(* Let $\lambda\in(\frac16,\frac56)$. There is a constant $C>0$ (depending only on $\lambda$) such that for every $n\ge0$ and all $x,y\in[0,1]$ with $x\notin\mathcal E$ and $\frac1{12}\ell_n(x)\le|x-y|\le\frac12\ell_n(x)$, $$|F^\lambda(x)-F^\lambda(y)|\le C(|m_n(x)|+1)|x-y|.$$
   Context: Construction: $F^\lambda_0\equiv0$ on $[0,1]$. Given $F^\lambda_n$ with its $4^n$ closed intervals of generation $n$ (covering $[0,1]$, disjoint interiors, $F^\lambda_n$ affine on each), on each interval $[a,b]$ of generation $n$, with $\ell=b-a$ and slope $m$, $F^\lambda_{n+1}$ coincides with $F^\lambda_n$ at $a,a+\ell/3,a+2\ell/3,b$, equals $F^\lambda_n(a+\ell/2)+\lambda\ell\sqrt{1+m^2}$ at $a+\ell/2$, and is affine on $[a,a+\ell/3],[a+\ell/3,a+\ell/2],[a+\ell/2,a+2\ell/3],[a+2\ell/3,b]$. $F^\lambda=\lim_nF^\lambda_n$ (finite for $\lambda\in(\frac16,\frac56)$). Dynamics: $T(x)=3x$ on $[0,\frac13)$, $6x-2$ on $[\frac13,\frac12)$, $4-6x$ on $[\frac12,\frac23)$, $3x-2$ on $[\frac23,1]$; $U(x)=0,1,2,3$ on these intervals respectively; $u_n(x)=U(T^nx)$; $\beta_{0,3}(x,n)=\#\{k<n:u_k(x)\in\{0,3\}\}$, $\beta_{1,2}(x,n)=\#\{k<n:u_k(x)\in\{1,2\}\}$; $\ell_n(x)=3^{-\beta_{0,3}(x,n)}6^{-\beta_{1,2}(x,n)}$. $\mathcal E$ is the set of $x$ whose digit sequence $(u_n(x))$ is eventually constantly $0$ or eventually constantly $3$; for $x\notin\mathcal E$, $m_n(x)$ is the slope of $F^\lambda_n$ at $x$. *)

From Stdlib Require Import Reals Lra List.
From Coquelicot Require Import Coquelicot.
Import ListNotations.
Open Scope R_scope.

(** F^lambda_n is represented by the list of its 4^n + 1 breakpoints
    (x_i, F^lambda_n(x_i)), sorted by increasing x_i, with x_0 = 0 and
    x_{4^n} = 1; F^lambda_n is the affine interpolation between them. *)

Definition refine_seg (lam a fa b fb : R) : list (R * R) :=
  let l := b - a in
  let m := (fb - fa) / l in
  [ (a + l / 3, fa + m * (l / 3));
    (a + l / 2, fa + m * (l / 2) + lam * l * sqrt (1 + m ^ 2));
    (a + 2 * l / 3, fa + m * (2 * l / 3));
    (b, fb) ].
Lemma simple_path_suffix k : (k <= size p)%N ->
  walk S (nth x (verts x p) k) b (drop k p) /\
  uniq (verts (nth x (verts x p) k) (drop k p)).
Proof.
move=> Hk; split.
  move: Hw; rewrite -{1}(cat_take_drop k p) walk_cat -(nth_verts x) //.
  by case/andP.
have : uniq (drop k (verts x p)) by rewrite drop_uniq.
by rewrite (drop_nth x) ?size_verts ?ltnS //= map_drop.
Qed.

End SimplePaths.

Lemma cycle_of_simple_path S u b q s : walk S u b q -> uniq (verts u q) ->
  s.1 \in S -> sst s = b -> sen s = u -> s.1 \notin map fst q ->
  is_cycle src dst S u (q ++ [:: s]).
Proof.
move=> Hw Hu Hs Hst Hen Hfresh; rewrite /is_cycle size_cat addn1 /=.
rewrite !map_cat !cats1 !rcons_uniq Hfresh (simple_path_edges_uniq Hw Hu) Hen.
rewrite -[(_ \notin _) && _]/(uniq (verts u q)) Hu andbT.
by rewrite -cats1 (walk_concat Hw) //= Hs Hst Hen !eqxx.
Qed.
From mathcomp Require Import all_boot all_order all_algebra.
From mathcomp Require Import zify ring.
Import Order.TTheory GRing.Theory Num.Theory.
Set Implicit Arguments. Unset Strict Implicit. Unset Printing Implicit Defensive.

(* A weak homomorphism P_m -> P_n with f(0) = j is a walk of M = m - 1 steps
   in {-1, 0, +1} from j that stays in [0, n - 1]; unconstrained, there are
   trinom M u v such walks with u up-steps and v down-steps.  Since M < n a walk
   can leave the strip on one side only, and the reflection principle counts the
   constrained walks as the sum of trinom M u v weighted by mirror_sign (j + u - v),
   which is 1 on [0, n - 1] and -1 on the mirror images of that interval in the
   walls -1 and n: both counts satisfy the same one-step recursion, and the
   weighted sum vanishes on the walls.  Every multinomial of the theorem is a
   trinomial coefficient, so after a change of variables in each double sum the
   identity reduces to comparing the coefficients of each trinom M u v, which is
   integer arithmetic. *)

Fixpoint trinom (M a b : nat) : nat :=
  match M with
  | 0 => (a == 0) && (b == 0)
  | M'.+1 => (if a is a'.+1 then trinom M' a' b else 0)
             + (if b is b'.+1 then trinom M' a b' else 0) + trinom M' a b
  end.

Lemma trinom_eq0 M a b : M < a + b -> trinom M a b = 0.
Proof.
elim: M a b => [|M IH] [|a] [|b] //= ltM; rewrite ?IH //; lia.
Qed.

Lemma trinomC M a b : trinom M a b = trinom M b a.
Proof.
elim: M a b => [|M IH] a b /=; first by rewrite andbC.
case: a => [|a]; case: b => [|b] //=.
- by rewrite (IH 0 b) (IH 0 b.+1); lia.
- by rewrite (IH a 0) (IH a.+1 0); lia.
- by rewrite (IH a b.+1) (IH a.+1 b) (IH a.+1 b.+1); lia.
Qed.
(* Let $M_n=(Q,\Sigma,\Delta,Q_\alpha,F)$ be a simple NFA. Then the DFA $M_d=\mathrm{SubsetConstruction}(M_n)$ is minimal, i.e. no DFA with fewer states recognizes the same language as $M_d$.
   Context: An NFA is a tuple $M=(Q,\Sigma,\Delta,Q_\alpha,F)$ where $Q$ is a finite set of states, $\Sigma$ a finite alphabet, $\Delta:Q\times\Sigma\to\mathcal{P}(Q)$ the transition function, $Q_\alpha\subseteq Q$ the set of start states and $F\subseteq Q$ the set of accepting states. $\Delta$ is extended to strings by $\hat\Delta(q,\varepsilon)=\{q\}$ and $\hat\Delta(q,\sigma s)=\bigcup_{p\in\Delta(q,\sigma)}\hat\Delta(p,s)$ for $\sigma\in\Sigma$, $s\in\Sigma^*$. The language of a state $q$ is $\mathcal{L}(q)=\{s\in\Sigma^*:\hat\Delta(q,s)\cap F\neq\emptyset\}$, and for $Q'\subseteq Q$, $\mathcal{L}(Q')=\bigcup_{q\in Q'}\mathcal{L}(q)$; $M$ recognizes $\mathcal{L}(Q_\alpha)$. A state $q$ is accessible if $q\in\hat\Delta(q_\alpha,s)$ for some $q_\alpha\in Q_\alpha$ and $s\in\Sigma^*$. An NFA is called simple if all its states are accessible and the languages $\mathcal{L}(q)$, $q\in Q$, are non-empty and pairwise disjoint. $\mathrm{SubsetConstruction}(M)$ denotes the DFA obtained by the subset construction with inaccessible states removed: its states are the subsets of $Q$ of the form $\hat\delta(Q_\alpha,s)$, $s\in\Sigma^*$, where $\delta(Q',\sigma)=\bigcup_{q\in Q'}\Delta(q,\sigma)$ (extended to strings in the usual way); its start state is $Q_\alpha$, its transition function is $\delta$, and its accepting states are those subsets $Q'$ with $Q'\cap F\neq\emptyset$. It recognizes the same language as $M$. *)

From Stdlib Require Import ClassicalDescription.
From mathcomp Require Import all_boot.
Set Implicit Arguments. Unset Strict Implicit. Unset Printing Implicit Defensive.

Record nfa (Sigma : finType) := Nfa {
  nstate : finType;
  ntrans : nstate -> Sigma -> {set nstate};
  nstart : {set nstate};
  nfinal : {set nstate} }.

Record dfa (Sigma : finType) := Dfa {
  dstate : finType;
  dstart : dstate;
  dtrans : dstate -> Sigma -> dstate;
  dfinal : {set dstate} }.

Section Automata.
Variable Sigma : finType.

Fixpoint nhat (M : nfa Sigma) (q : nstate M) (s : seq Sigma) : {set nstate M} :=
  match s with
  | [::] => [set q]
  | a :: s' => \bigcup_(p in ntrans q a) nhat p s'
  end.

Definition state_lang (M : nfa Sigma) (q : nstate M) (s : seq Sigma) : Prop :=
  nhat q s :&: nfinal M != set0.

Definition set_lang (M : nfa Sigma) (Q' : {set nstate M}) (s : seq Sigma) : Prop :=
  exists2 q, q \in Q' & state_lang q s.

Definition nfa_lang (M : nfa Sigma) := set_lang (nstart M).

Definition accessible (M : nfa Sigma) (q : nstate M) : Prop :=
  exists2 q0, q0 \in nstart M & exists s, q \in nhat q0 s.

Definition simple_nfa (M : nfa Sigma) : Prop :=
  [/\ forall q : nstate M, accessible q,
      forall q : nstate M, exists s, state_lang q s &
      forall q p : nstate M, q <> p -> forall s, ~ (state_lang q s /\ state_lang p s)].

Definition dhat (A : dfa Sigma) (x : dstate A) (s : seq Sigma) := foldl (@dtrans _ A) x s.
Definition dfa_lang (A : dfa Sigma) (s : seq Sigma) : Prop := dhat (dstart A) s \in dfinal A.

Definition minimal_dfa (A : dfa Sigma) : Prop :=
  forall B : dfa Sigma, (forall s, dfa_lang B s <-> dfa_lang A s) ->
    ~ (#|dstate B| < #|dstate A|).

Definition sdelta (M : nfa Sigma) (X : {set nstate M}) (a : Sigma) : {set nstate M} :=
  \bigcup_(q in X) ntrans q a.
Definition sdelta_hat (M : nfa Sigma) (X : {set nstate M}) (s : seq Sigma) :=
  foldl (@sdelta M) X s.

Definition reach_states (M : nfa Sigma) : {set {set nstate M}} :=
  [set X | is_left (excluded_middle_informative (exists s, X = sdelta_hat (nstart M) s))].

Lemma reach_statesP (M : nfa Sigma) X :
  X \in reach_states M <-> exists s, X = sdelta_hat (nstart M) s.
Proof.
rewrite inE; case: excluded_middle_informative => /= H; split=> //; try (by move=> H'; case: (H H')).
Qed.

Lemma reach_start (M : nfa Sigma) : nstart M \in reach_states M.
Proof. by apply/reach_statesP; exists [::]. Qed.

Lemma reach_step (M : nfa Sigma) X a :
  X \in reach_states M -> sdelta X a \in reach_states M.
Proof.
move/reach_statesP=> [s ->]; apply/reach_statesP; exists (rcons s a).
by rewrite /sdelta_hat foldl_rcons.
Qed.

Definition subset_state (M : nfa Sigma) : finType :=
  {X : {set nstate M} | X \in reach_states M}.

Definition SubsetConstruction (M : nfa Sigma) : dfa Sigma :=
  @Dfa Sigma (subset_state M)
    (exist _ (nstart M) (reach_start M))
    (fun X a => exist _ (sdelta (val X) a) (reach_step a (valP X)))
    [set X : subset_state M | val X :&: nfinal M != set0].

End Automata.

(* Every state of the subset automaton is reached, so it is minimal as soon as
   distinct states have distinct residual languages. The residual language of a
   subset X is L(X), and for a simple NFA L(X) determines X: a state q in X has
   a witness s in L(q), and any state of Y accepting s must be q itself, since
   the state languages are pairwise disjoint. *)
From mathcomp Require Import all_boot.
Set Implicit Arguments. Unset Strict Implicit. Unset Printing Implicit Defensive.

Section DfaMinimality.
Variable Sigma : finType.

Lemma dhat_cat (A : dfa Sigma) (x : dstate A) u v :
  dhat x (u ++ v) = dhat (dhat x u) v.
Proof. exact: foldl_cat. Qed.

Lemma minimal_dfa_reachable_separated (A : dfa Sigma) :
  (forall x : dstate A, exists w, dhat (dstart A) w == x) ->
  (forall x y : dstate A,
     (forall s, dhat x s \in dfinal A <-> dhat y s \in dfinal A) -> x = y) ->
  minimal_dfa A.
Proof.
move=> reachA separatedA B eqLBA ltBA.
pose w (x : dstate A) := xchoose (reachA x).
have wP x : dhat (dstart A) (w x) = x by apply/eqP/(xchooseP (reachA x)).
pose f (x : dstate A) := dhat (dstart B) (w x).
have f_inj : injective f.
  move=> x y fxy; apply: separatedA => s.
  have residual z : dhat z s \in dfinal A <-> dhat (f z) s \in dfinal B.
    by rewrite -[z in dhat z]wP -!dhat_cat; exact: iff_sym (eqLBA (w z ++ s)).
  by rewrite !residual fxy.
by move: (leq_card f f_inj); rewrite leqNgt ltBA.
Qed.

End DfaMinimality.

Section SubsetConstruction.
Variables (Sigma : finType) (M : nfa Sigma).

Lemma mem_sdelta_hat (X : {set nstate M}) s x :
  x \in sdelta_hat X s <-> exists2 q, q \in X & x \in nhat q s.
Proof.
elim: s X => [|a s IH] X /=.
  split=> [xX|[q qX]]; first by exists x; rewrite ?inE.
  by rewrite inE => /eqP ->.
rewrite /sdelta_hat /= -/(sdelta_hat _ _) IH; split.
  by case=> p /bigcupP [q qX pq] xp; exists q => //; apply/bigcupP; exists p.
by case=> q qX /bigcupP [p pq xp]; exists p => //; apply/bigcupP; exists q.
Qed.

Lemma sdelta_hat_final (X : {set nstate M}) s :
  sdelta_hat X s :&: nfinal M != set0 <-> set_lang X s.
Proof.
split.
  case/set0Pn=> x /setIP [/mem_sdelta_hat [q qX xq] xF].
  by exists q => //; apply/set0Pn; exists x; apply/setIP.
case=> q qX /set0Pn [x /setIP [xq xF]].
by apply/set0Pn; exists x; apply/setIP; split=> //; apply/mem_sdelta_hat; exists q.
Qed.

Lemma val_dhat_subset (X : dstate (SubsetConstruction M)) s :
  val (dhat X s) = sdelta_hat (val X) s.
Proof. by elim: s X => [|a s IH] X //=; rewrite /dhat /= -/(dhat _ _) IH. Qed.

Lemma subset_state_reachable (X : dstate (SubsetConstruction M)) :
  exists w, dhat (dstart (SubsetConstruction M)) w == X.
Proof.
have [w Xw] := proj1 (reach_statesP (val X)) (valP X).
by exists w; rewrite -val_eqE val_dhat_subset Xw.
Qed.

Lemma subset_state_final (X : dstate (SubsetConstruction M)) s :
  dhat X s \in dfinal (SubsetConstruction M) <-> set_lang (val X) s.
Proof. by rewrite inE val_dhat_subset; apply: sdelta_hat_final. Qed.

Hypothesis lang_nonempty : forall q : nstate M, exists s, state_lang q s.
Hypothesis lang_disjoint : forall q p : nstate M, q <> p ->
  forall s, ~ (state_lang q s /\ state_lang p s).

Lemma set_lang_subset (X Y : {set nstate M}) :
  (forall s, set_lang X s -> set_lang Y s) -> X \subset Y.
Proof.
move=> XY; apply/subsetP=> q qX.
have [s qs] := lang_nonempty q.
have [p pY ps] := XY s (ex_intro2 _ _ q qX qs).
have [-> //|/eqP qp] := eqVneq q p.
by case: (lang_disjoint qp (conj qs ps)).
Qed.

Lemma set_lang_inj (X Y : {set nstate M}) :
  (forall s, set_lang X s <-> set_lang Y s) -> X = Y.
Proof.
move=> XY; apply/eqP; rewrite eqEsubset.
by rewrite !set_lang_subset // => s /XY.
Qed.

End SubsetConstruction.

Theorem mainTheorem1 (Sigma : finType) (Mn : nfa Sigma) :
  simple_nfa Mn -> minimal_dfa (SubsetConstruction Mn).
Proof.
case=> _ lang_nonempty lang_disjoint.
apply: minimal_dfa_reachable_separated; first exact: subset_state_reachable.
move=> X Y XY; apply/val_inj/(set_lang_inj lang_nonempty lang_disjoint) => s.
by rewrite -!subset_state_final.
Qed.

Exercise details ▸ An exact, complete copy of the lines above from the one with "match s with" through the one with "forall q p : nstate M, q <> p -> forall" is the whole answer.

Task answer ▸
  match s with
  | [::] => [set q]
  | a :: s' => \bigcup_(p in ntrans q a) nhat p s'
  end.

Definition state_lang (M : nfa Sigma) (q : nstate M) (s : seq Sigma) : Prop :=
  nhat q s :&: nfinal M != set0.

Definition set_lang (M : nfa Sigma) (Q' : {set nstate M}) (s : seq Sigma) : Prop :=
  exists2 q, q \in Q' & state_lang q s.

Definition nfa_lang (M : nfa Sigma) := set_lang (nstart M).

Definition accessible (M : nfa Sigma) (q : nstate M) : Prop :=
  exists2 q0, q0 \in nstart M & exists s, q \in nhat q0 s.

Definition simple_nfa (M : nfa Sigma) : Prop :=
  [/\ forall q : nstate M, accessible q,
      forall q : nstate M, exists s, state_lang q s &
      forall q p : nstate M, q <> p -> forall s, ~ (state_lang q s /\ state_lang p s)].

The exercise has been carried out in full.